If x, y, and z are three-digit positive integers and if x = y + z, is the hundreds digit...

Understanding the Question

We need to determine if the hundreds digit of x equals the sum of the hundreds digits of y and z, given that x, y, and z are three-digit positive integers and \(\mathrm{x = y + z}\).

Let's translate this: When we add two 3-digit numbers, does the hundreds digit of their sum equal the sum of their individual hundreds digits?

What We Need to Determine: Whether hundreds digit of x = hundreds digit of y + hundreds digit of z

The Key Insight: This question is really asking whether there's carrying from the tens place to the hundreds place during addition. If there's no carrying from tens to hundreds, the answer is YES. If there is carrying, the answer is NO (because the hundreds digit of x would be 1 more than the sum of the hundreds digits).

For this yes/no question to be sufficient, we need to determine definitively whether carrying occurs from tens to hundreds.

Analyzing Statement 1

Statement 1 tells us: The tens digit of x equals the sum of the tens digits of y and z.

This statement reveals something crucial about carrying. When we add two numbers:

• If the tens digits of y and z sum to less than 10, there's no carrying to hundreds
• If they sum to 10 or more, there would be carrying to hundreds, and the tens digit of x would be the sum minus 10

Since Statement 1 says the tens digit of x equals the direct sum of the tens digits (not reduced by 10), this can only happen if the tens digits sum to less than 10. Therefore, there's no carrying to the hundreds place.

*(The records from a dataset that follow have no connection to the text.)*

(* Let $m\ge3$. If $\varphi:\mathbb{R}\to\mathbb{R}$ is a nonconstant $C^2$ function and $c$ is a noncritical value of $\varphi$, then the constant level set $N_c=\{t\in\mathbb{R}^m_+:\ \varphi(t^1\cdots t^m)=c\}$ is a union of simple Tzitzeica hypersurfaces.
   Context: A hypersurface $M\subset\mathbb{R}^m_+$, $m\ge3$, is a Tzitzeica hypersurface if there is a constant $a\in\mathbb{R}$ such that $K=a\,d^{m+1}$ at every point $t\in M$, where $K$ is the Gauss curvature of $M$ at $t$ and $d$ is the distance from the origin to the tangent hyperplane of $M$ at $t$. The simple Tzitzeica hypersurfaces are the constant level sets $t^1\cdots t^m=k$. A value $c$ is noncritical for $\varphi$ if $\varphi'(k)\neq0$ for every $k$ with $\varphi(k)=c$. *)

From HB Require Import structures.
From mathcomp Require Import all_boot all_order all_algebra.
From mathcomp Require Import all_classical all_reals all_analysis.
Unset Printing Implicit Defensive.
Import Order.TTheory GRing.Theory Num.Theory.
Import numFieldNormedType.Exports.
Local Open Scope classical_set_scope.
Local Open Scope ring_scope.

Definition C2 {R : realType} (f : R -> R) : Prop :=
  (forall x, derivable f x 1) /\
  (forall x, derivable (derive1 f) x 1) /\
  continuous (derive1 (derive1 f)).

Definition nonconstant {R : realType} (f : R -> R) : Prop :=
  exists x y, f x != f y.

Definition noncritical {R : realType} (phi : R -> R) (c : R) : Prop :=
  forall k, phi k = c -> derive1 phi k != 0.

Definition pos_orthant {R : realType} (m : nat) : set 'rV[R]_m :=
  [set t | forall i : 'I_m, 0 < t ord0 i].

Definition coordprod {R : realType} (m : nat) (t : 'rV[R]_m) : R :=
  \prod_(i < m) t ord0 i.

Definition simple_Tzitzeica {R : realType} (m : nat) (M : set 'rV[R]_m) : Prop :=
  exists k : R, 0 < k /\ M = [set t | pos_orthant m t /\ coordprod m t = k].

Definition level_Nc {R : realType} (m : nat) (phi : R -> R) (c : R) : set 'rV[R]_m :=
  [set t | pos_orthant m t /\ phi (coordprod m t) = c].

From mathcomp Require Import all_boot all_order all_algebra.
From mathcomp Require Import all_classical all_reals all_analysis.
Import Order.TTheory GRing.Theory Num.Theory.
Local Open Scope classical_set_scope.
Local Open Scope ring_scope.

(* N_c depends on t only through the product t^1 ... t^m, which is positive on
   the orthant; so N_c is the union of the level sets t^1 ... t^m = k over the
   positive solutions k of phi k = c.  The regularity hypotheses only serve, in
   the paper, to make N_c a hypersurface; the decomposition itself does not use
   them. *)

Definition prod_level {R : realType} (m : nat) (k : R) : set 'rV[R]_m :=
  [set t | pos_orthant m t /\ coordprod m t = k].

Lemma coordprod_gt0 (R : realType) (m : nat) (t : 'rV[R]_m) :
  pos_orthant m t -> 0 < coordprod m t.
Proof. by move=> t_pos; apply: prodr_gt0 => i _; exact: t_pos. Qed.

Lemma prod_level_simple_Tzitzeica (R : realType) (m : nat) (k : R) :
  0 < k -> simple_Tzitzeica m (prod_level m k).
Proof. by move=> k_gt0; exists k. Qed.

Lemma level_Nc_bigcup (R : realType) (m : nat) (phi : R -> R) (c : R) :
  level_Nc m phi c =
  \bigcup_(k in [set k | 0 < k /\ phi k = c]) prod_level m k.
Proof.
apply/seteqP; split => t.
- move=> [t_pos phi_t]; exists (coordprod m t) => //.
  by split=> //; exact: coordprod_gt0.
- by move=> [k [_ phi_k] [t_pos t_k]]; split=> //; rewrite t_k.
Qed.

Theorem mainTheorem7 (R : realType) (m : nat) (phi : R -> R) (c : R) :
  (3 <= m)%N -> C2 phi -> nonconstant phi -> noncritical phi c ->
  exists F : set (set 'rV[R]_m),
    (forall M, F M -> simple_Tzitzeica m M) /\
    level_Nc m phi c = \bigcup_(M in F) M.
Proof.
move=> _ _ _ _.
exists (prod_level m @` [set k | 0 < k /\ phi k = c]); split.
  by move=> _ [k [k_gt0 _] <-]; exact: prod_level_simple_Tzitzeica.
by rewrite level_Nc_bigcup bigcup_image.
Qed.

With no carrying to hundreds, the hundreds digit of x MUST equal the sum of the hundreds digits of y and z.

The answer to our question is definitively YES.

[STOP - Statement 1 is Sufficient!]

Statement 1 alone is sufficient. This eliminates choices B, C, and E.

Analyzing Statement 2

Now let's forget Statement 1 completely and analyze Statement 2 independently.

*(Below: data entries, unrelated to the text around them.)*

Definition cech_1cocycle (Y X : topologicalType) (G : groupType)
    (u : Y -> X) (rho : Y -> Y -> G) : Prop :=
  locconst_on (fp2 u) (fun p => rho p.1 p.2) /\
  (forall y1 y2 y3, u y1 = u y2 -> u y2 = u y3 ->
     rho y1 y3 = (rho y1 y2 * rho y2 y3)%g).

Definition flat_bundle (Y X : topologicalType) (G : groupType) (A : zmodType)
    (alpha : G -> G -> G -> A) (u : Y -> X) (rho : Y -> Y -> G)
    (gamma : Y -> Y -> Y -> A) : Prop :=
  [/\ cech_1cocycle u rho,
      locconst_on (fp3 u) (fun p => gamma p.1.1 p.1.2 p.2),
      (forall y1 y2 y3 y4, u y1 = u y2 -> u y2 = u y3 -> u y3 = u y4 ->
         gamma y2 y3 y4 - gamma y1 y3 y4 + gamma y1 y2 y4 - gamma y1 y2 y3
         = alpha (rho y1 y2) (rho y2 y3) (rho y3 y4)),
      (forall y1 y2, u y1 = u y2 -> gamma y1 y2 y2 = 0) &
      (forall y2 y3, u y2 = u y3 -> gamma y2 y2 y3 = 0)].

(* The relation defining P_{u,rho} = (Y x G)/~ :
   (y1, rho(y1,y2) g) ~ (y2, g) for (y1,y2) in Y^[2]. *)
Definition P_rel (Y X : Type) (G : groupType) (u : Y -> X)
    (rho : Y -> Y -> G) (p q : Y * G) : Prop :=
  u p.1 = u q.1 /\ p.2 = (rho p.1 q.1 * q.2)%g.

Definition one_morphism (X Y1 Y2 Z : topologicalType) (MX : manifold X)
    (MY1 : manifold Y1) (MY2 : manifold Y2) (MZ : manifold Z)
    (G : groupType) (A : zmodType) (alpha : G -> G -> G -> A)
    (u1 : Y1 -> X) (rho1 : Y1 -> Y1 -> G) (gamma1 : Y1 -> Y1 -> Y1 -> A)
    (u2 : Y2 -> X) (rho2 : Y2 -> Y2 -> G) (gamma2 : Y2 -> Y2 -> Y2 -> A)
    (v1 : Z -> Y1) (v2 : Z -> Y2) (h : Z -> G) (eta : Z -> Z -> A) : Prop :=
  let w := fun z => u1 (v1 z) in
  smooth_map MZ MY1 v1 /\ smooth_map MZ MY2 v2 /\
      (forall z, u1 (v1 z) = u2 (v2 z)) /\
      surj_submersion MZ MX w /\
      locconst_on setT h /\
      locconst_on (fp2 w) (fun p => eta p.1 p.2) /\
      (forall z1 z2, w z1 = w z2 ->
         (rho2 (v2 z1) (v2 z2) * h z2 = h z1 * rho1 (v1 z1) (v1 z2))%g) /\
      (forall z1 z2 z3, w z1 = w z2 -> w z2 = w z3 ->
         eta z2 z3 - eta z1 z3 + eta z1 z2 =
           gamma1 (v1 z1) (v1 z2) (v1 z3) - gamma2 (v2 z1) (v2 z2) (v2 z3)
           + alpha (rho2 (v2 z1) (v2 z2)) (h z2) (rho1 (v1 z2) (v1 z3))
           - alpha (h z1) (rho1 (v1 z1) (v1 z2)) (rho1 (v1 z2) (v1 z3))
           - alpha (rho2 (v2 z1) (v2 z2)) (rho2 (v2 z2) (v2 z3)) (h z3)).

(* The G-bundle isomorphism P_{u,rho} -> P_{u,rho} determined by h,
   [v1 z, g] |-> [v2 z, h(z) g], is the identity. *)
Definition underlying_iso_is_id (Y X Z : Type) (G : groupType)
    (u : Y -> X) (rho : Y -> Y -> G) (v1 v2 : Z -> Y) (h : Z -> G) : Prop :=
  forall z (g : G), P_rel u rho (v1 z, g) (v2 z, (h z * g)%g).

(* [c] = 1 in Cech H^2(X; A) for a locally constant Cech 2-cocycle c on
   Y^[3] (u : Y -> X a surjective submersion): after pulling back to some
   refinement w : W -> Y (with u o w a surjective submersion), c becomes
   the Cech coboundary of a locally constant eta : W^[2] -> A. *)
Definition cech2_trivial (X Y : topologicalType) (MX : manifold X)
    (MY : manifold Y) (A : zmodType) (u : Y -> X) (c : Y -> Y -> Y -> A)
    : Prop :=
  exists (W : topologicalType) (MW : manifold W) (w : W -> Y)
         (eta : W -> W -> A),
    [/\ smooth_map MW MY w,
        surj_submersion MW MX (fun x => u (w x)),
        locconst_on (fp2 (fun x => u (w x))) (fun p => eta p.1 p.2) &
        (forall w1 w2 w3, u (w w1) = u (w w2) -> u (w w2) = u (w w3) ->
           eta w2 w3 - eta w1 w3 + eta w1 w2 = c (w w1) (w w2) (w w3))].

From HB Require Import structures.
From mathcomp Require Import all_boot all_order all_algebra monoid.
From mathcomp Require Import all_classical all_reals all_analysis.
From mathcomp Require Import Rstruct Rstruct_topology.

(* If the identity of P_{u,rho} underlies (Z, v1, v2, h, eta), then h is forced
   to be rho(v2, v1), and the prism operator of the homotopy v2 ~ v1 (built
   from gamma') corrects eta into a cochain on Z^[2] whose Cech coboundary is
   (gamma - gamma') pulled back along v1: the alpha-terms in the coboundary of
   eta are exactly cancelled, because d gamma' = rho^* alpha.  Conversely, a
   trivialisation eta of [gamma - gamma'] over w : W -> Y gives the 1-morphism
   (W, w, w, 1, eta), the alpha-terms vanishing as alpha is normalized. *)

Set Implicit Arguments.
Unset Strict Implicit.
Unset Printing Implicit Defensive.
Import GRing.Theory.
Local Open Scope classical_set_scope.
Local Open Scope ring_scope.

Statement 2 tells us: The units digit of x equals the sum of the units digits of y and z.

This means there's no carrying from the units place to the tens place (since if units digits summed to 10 or more, the units digit of x would be the sum minus 10).

However, this tells us nothing about what happens with the tens digits. The tens digits of y and z could still:

• Sum to less than 10 (no carrying to hundreds) → Answer is YES
• Sum to 10 or more (carrying to hundreds) → Answer is NO

Let's verify with concrete examples:

Example 1: \(\mathrm{y = 234, z = 145}\), then \(\mathrm{x = 379}\)

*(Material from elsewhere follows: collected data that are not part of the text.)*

Definition mutually_independent (d : measure_display) (T : measurableType d)
  (R : realType) (P : probability T R) (n : nat)
  (X : 'I_n -> {RV P >-> R}) : Prop :=
  forall (J : {set 'I_n}) (A : 'I_n -> set R),
    (forall k, measurable (A k)) ->
    P (\bigcap_(k in [set k | k \in J]) (X k @^-1` A k)) =
    (\prod_(k in J) P (X k @^-1` A k))%E.

Definition cexpectation (d : measure_display) (T : measurableType d)
  (R : realType) (P : probability T R) (Z : T -> R[i]) : R[i] :=
  Complex (fine ('E_P[fun w => complex.Re (Z w)])) (fine ('E_P[fun w => complex.Im (Z w)])).

From HB Require Import structures.
From mathcomp Require Import all_boot all_order all_algebra.
From mathcomp Require Import all_classical all_reals all_analysis.
From mathcomp Require Import complex measurable_realfun ring.
Import Order.TTheory GRing.Theory Num.Theory.
Import numFieldNormedType.Exports.
Local Open Scope classical_set_scope.
Local Open Scope ring_scope.
Set Implicit Arguments. Unset Strict Implicit. Unset Printing Implicit Defensive.

(* The correlation coefficient factors as G = S * A / (K Mbar), where
   S = \sum_k expj (a xi_k), with a = 2 pi (sin thi - sin thj) / lam, carries all
   the randomness, and A = \sum_m expj (2 m phi) is a geometric sum with
   |A| = Mbar |Mfactor Mbar phi|.  For xi uniform on [0, D], E [expj (a xi)] is the
   characteristic function (expj (a D) - 1) / (j a D), whose modulus is
   |sinc (a D / 2)| = |sinc rho|; linearity gives E [G].  For the second moment,
   |S|^2 = \sum_(k, l) cos (a (xi_k - xi_l)): the K diagonal terms equal 1 and, by
   independence, every off-diagonal term has mean |E [expj (a xi)]|^2. *)

Lemma normr_le_addr_ge0 (R : realDomainType) (c x : R) : `|x| <= c -> 0 <= c + x.
Proof. by rewrite -lerBlDl sub0r ler_norml => /andP[]. Qed.

Section Phasors.
Context (R : realType).
Local Open Scope complex_scope.
Implicit Types x y : R.

Lemma complex_sumE n (z : 'I_n -> R[i]) :
  \sum_(i < n) z i = (\sum_(i < n) complex.Re (z i)) +i* (\sum_(i < n) complex.Im (z i)).
Proof.
elim: n z => [|n IH] z; first by rewrite !big_ord0.
by rewrite !big_ord_recr /= IH; case: (z ord_max).
Qed.

Lemma expjD x y : expj (x + y) = expj x * expj y.
Proof. by rewrite /expj cosD sinD; congr (_ +i* _); ring. Qed.

Lemma expjN x : conjc (expj x) = expj (- x).
Proof. by rewrite /expj /conjc cosN sinN. Qed.

Lemma normc_expj x : Normc.normc (expj x) = 1.
Proof. by rewrite /= cos2Dsin2 sqrtr1. Qed.

Lemma sqr_normc_coord (a b : R) : Normc.normc (a +i* b) ^+ 2 = a ^+ 2 + b ^+ 2.
Proof. by rewrite /= sqr_sqrtr // addr_ge0 // sqr_ge0. Qed.

Lemma sqr_normc_sum_expj n (y : 'I_n -> R) :
  Normc.normc (\sum_(k < n) expj (y k)) ^+ 2 =
  \sum_(k < n) \sum_(l < n) cos (y k - y l).
Proof.
rewrite complex_sumE sqr_normc_coord !expr2 !mulr_suml -big_split /=.
apply: eq_bigr => k _; rewrite !mulr_sumr -big_split /=.
by apply: eq_bigr => l _; rewrite cosB.
Qed.

Lemma normc_nat n : Normc.normc (n%:R : R[i]) = n%:R.
Proof.
by rewrite -(rmorph_nat (real_complex R)) /= expr0n addr0 sqrtr_sqr ger0_norm.
Qed.

End Phasors.

Section ArrayFactor.
Context (R : realType).
Local Open Scope complex_scope.
Implicit Types y : R.

Definition array_factor (M : nat) y : R[i] := \sum_(m < M) expj (m%:R * y).

Lemma norm2_steer K M (lam d : R) (x : 'I_K -> R) th :
  norm2 (@steer R K M lam d x th) = Num.sqrt (K * M)%:R.
Proof.
rewrite /norm2; congr Num.sqrt.
under eq_bigr do under eq_bigr do rewrite /steer normc_expj expr1n.
by rewrite !sumr_const !card_ord natrM mulr_natl.
Qed.

Lemma corr_coefE K M (lam d : R) (x : 'I_K -> R) thi thj :
  @corr_coef R K M lam d x thi thj =
  (\sum_(k < K) expj (2 * pi / lam * (sin thi - sin thj) * x k)) *
  array_factor M (2 * (pi * d / lam * (sin thi - sin thj))) / (K * M)%:R.
Proof.
rewrite /corr_coef !norm2_steer -expr2 sqr_sqrtr ?ler0n //.
rewrite (rmorph_nat (real_complex R)); congr (_ / _).
rewrite /herm /array_factor mulr_suml; apply: eq_bigr => k _.
rewrite mulr_sumr; apply: eq_bigr => m _.
by rewrite /steer expjN -!expjD /sensor_pos; congr expj; ring.
Qed.

Lemma sin_natmul_eq0 y n : sin y = 0 -> sin (n%:R * y) = 0.
Proof.
move=> sy0; elim: n => [|n IH]; first by rewrite mul0r sin0.
by rewrite -addn1 natrD mulrDl mul1r sinD IH sy0 mul0r mulr0 addr0.
Qed.

Lemma normr_cos_natmul y n : sin y = 0 -> `|cos (n%:R * y)| = 1.
Proof.
move=> sy0; rewrite -sqrtr_sqr cos2sin2 (sin_natmul_eq0 n sy0).
by rewrite expr0n subr0 sqrtr1.
Qed.

Lemma array_factor_sin0 M y : sin y = 0 -> array_factor M (2 * y) = M%:R.
Proof.
move=> sy0; rewrite /array_factor (eq_bigr (fun=> 1)) ?sumr_const ?card_ord //.
move=> m _; have smy0 := sin_natmul_eq0 m sy0.
have -> : m%:R * (2 * y) = m%:R * y + m%:R * y by ring.
rewrite expjD /expj smy0; apply/eqP; rewrite eq_complex /=.
by rewrite !mulr0 mul0r addr0 subr0 -expr2 cos2sin2 smy0 expr0n subr0 !eqxx.
Qed.

Lemma array_factor_telescope M y :
  array_factor M y * (expj y - 1) = expj (M%:R * y) - 1.
Proof.
rewrite /array_factor mulr_suml -(big_mkord xpredT (fun m => expj (m%:R * y) * (expj y - 1))).
rewrite (telescope_sumr_eq (fun m => expj (m%:R * y))) // => [|m _].
  by rewrite mul0r /expj cos0 sin0.
by rewrite mulrBr mulr1 -expjD -addn1 natrD mulrDl mul1r.
Qed.

Lemma normc_expjB1 y : Normc.normc (expj (2 * y) - 1) = 2 * `|sin y|.
Proof.
have -> : 2 * y = y + y by ring.
rewrite expjD /expj /= (_ : _ + _ = (2 * sin y) ^+ 2).
  by rewrite sqrtr_sqr normrM ger0_norm.
transitivity ((cos y * cos y - sin y * sin y - 1) ^+ 2 + 4 * sin y ^+ 2 * (cos y * cos y)).
  by ring.
by rewrite -!expr2 cos2sin2; ring.
Qed.

Lemma normc_array_factor M y : (0 < M)%N ->
  Normc.normc (array_factor M (2 * y)) = M%:R * `|Mfactor M y|.
Proof.
move=> M0; rewrite /Mfactor; have [/eqP sy0|sy0] := ifPn.
  have := normr_cos_natmul 1 sy0; rewrite mul1r => cos_y.
  by rewrite array_factor_sin0 // normc_nat normf_div cos_y normr_cos_natmul // divr1 mulr1.
have /(congr1 (@Normc.normc R)) := array_factor_telescope M (2 * y).
rewrite Normc.normcM (_ : M%:R * (2 * y) = 2 * (M%:R * y)); last by ring.
rewrite !normc_expjB1 => eq_norm.
have sy0' : `|sin y| != 0 by rewrite normr_eq0.
have M0' : M%:R != 0 :> R by rewrite pnatr_eq0 -lt0n.
rewrite normf_div normrM normr_nat.
apply: (mulIf (_ : 2 * `|sin y| != 0)); first by rewrite mulf_neq0.
by rewrite eq_norm; field; rewrite sy0' M0'.
Qed.

End ArrayFactor.

Section UniformCharfun.
Context (R : realType).
Local Open Scope complex_scope.

(* (expj (a D) - 1) / (j a D) in coordinates, with its limit 1 at a = 0. *)
Definition uniform_charfun (D a : R) : R[i] :=
  if a == 0 then 1 else (sin (a * D) / (a * D)) +i* ((1 - cos (a * D)) / (a * D)).

Lemma uniform_charfunM (D a : R) : a * D != 0 ->
  uniform_charfun D a * (0 +i* (a * D)) = expj (a * D) - 1.
Proof.
move=> aD0; have a0 : a != 0 by apply: contraNneq aD0 => ->; rewrite mul0r.
rewrite /uniform_charfun (negbTE a0) /expj; apply/eqP.
by rewrite eq_complex /= !mulr0 add0r addr0 !divfK // opprB subr0 !eqxx.
Qed.

Lemma normc_uniform_charfun (D a : R) : D != 0 ->
  Normc.normc (uniform_charfun D a) = `|sinc (a * D / 2)|.
Proof.
move=> D0; rewrite /sinc; have [->|a0] := eqVneq a 0.
  by rewrite /uniform_charfun !mul0r !eqxx Normc.normc1 normr1.
set r := a * D / 2; have r0 : r != 0 by rewrite !mulf_neq0 ?invr_eq0.
have aDE : a * D = 2 * r by rewrite /r; field.
have aD0 : a * D != 0 by rewrite aDE mulf_neq0.
have /(congr1 (@Normc.normc R)) := uniform_charfunM aD0.
have normc_2ri : Normc.normc (0 +i* (2 * r)) = 2 * `|r|.
  by rewrite /= expr0n add0r sqrtr_sqr normrM ger0_norm.
rewrite Normc.normcM aDE normc_expjB1 normc_2ri (negbTE r0) => eq_norm.
have nr0 : `|r| != 0 by rewrite normr_eq0.
apply: (mulIf (_ : 2 * `|r| != 0)); first by rewrite mulf_neq0.
by rewrite eq_norm normf_div; field.
Qed.

End UniformCharfun.

Section UniformIntegrals.
Context (R : realType).
Implicit Types (a x : R) (f F : R -> R).

Lemma continuous_scale f a : continuous f -> continuous (fun x => f (a * x)).
Proof.
move=> cf x; apply: continuous_comp; last exact: cf.
by apply: continuousM; [exact: cst_continuous | exact: cvg_id].
Qed.

Lemma integral_itv_antiderivative f F (l r : R) : l < r -> continuous f ->
  (forall x, is_derive x 1 F (f x)) ->
  (\int[lebesgue_measure]_(x in `[l, r]) (f x)%:E = (F r - F l)%:E)%E.
Proof.
move=> lr cf dF.
have cF : continuous F.
  by move=> x; apply/differentiable_continuous/derivable1_diffP; case: (dF x).
rewrite EFinB; apply: continuous_FTC2 lr _ _ _ => //.
- exact: continuous_subspaceT.
- split; first by move=> x _; case: (dF x).
  + exact/cvg_at_right_filter/cF.
  + exact/cvg_at_left_filter/cF.
- by move=> x _; rewrite derive1E; case: (dF x).
Qed.

Variables (D : R) (hD : 0 < D).

(* [integral_uniform] only covers nonnegative integrands, hence the shifts by 1
   in the next two lemmas. *)
Lemma integral_uniform_antiderivative f F : continuous f -> (forall x, 0 <= f x) ->
  (forall x, is_derive x 1 F (f x)) ->
  (\int[uniform_prob hD]_x (f x)%:E = ((F D - F 0) / D)%:E)%E.
Proof.
move=> cf f0 dF; rewrite integral_uniform //; last first.
  by apply/measurable_EFinP; exact: continuous_measurable_fun.
by rewrite subr0 (integral_itv_antiderivative hD cf dF) -EFinM mulrC.
Qed.

Let continuous_1Dscale f a : continuous f -> continuous (fun x => 1 + f (a * x)).
Proof.
move=> cf x; apply: continuousD; first exact: cst_continuous.
exact: continuous_scale cf x.
Qed.

Let D0 : D != 0. Proof. by rewrite gt_eqF. Qed.

Lemma integral_uniform_1Dcos a :
  (\int[uniform_prob hD]_x (1 + cos (a * x))%:E =
   (1 + complex.Re (uniform_charfun D a))%:E)%E.
Proof.
have c1cos b := continuous_1Dscale (a := b) (@continuous_cos R).
have ge0_1cos b x : 0 <= 1 + cos (b * x) by rewrite normr_le_addr_ge0 ?cos_max.
rewrite /uniform_charfun; have [->|a0] := eqVneq a 0.
  have dF x : is_derive x 1 (fun y => y + y) (1 + cos (0 * x)).
    by rewrite -[fun y => _]/(id + id); apply: is_derive_eq; rewrite mul0r cos0.
  rewrite (integral_uniform_antiderivative (c1cos 0) (ge0_1cos 0) dF) /=.
  by congr EFin; field.
have dF x : is_derive x 1 (fun y => y + a^-1 * sin (a * y)) (1 + cos (a * x)).
  rewrite -[fun y => _]/(id + a^-1 \*: (fun y => sin (a * y))); apply: is_derive_eq.
  by rewrite -[a%:A]/(a * 1) mulr1 -[_ *: _]/(a^-1 * _) mulrCA mulVf // mulr1.
rewrite (integral_uniform_antiderivative (c1cos a) (ge0_1cos a) dF) /=.
by rewrite mulr0 sin0 mulr0 !addr0 subr0; congr EFin; field; rewrite a0 D0.
Qed.

Lemma integral_uniform_1Dsin a :
  (\int[uniform_prob hD]_x (1 + sin (a * x))%:E =
   (1 + complex.Im (uniform_charfun D a))%:E)%E.
Proof.
have c1sin b := continuous_1Dscale (a := b) (@continuous_sin R).
have ge0_1sin b x : 0 <= 1 + sin (b * x) by rewrite normr_le_addr_ge0 ?sin_max.
rewrite /uniform_charfun; have [->|a0] := eqVneq a 0.
  have dF x : is_derive x 1 id (1 + sin (0 * x)).
    by apply: is_derive_eq; rewrite mul0r sin0 addr0.
  rewrite (integral_uniform_antiderivative (c1sin 0) (ge0_1sin 0) dF) /=.
  by rewrite subr0 divff ?addr0.
have dF x : is_derive x 1 (fun y => y - a^-1 * cos (a * y)) (1 + sin (a * x)).
  rewrite -[fun y => _]/(id - a^-1 \*: (fun y => cos (a * y))); apply: is_derive_eq.
  by rewrite -[a%:A]/(a * 1) mulr1 -[_ *: _]/(a^-1 * _) mulNr mulrN opprK mulrCA mulVf // mulr1.
rewrite (integral_uniform_antiderivative (c1sin a) (ge0_1sin a) dF) /=.
by rewrite mulr0 cos0 mulr1; congr EFin; field; rewrite a0 D0.
Qed.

• Units check: \(\mathrm{4 + 5 = 9}\) ✓ (matches x's units digit)
• Tens: \(\mathrm{3 + 4 = 7}\) (less than 10, no carrying)
• Hundreds: \(\mathrm{2 + 1 = 3}\) ✓ (Answer: YES)

Example 2: \(\mathrm{y = 264, z = 185}\), then \(\mathrm{x = 449}\)

• Units check: \(\mathrm{4 + 5 = 9}\) ✓ (matches x's units digit)
• Tens: \(\mathrm{6 + 8 = 14}\) (≥ 10, causes carrying)
• Hundreds: \(\mathrm{2 + 1 = 3}\), but x has 4 due to carrying (Answer: NO)

Since we get different answers in different scenarios, Statement 2 alone cannot definitively answer our question.

Statement 2 alone is NOT sufficient. This eliminates choices B and D.

The Answer: A

Statement 1 alone tells us there's no carrying to the hundreds place, which definitively answers our question as YES.

Statement 2 alone cannot determine whether carrying occurs from tens to hundreds.

Answer Choice A: "Statement 1 alone is sufficient, but Statement 2 alone is not sufficient."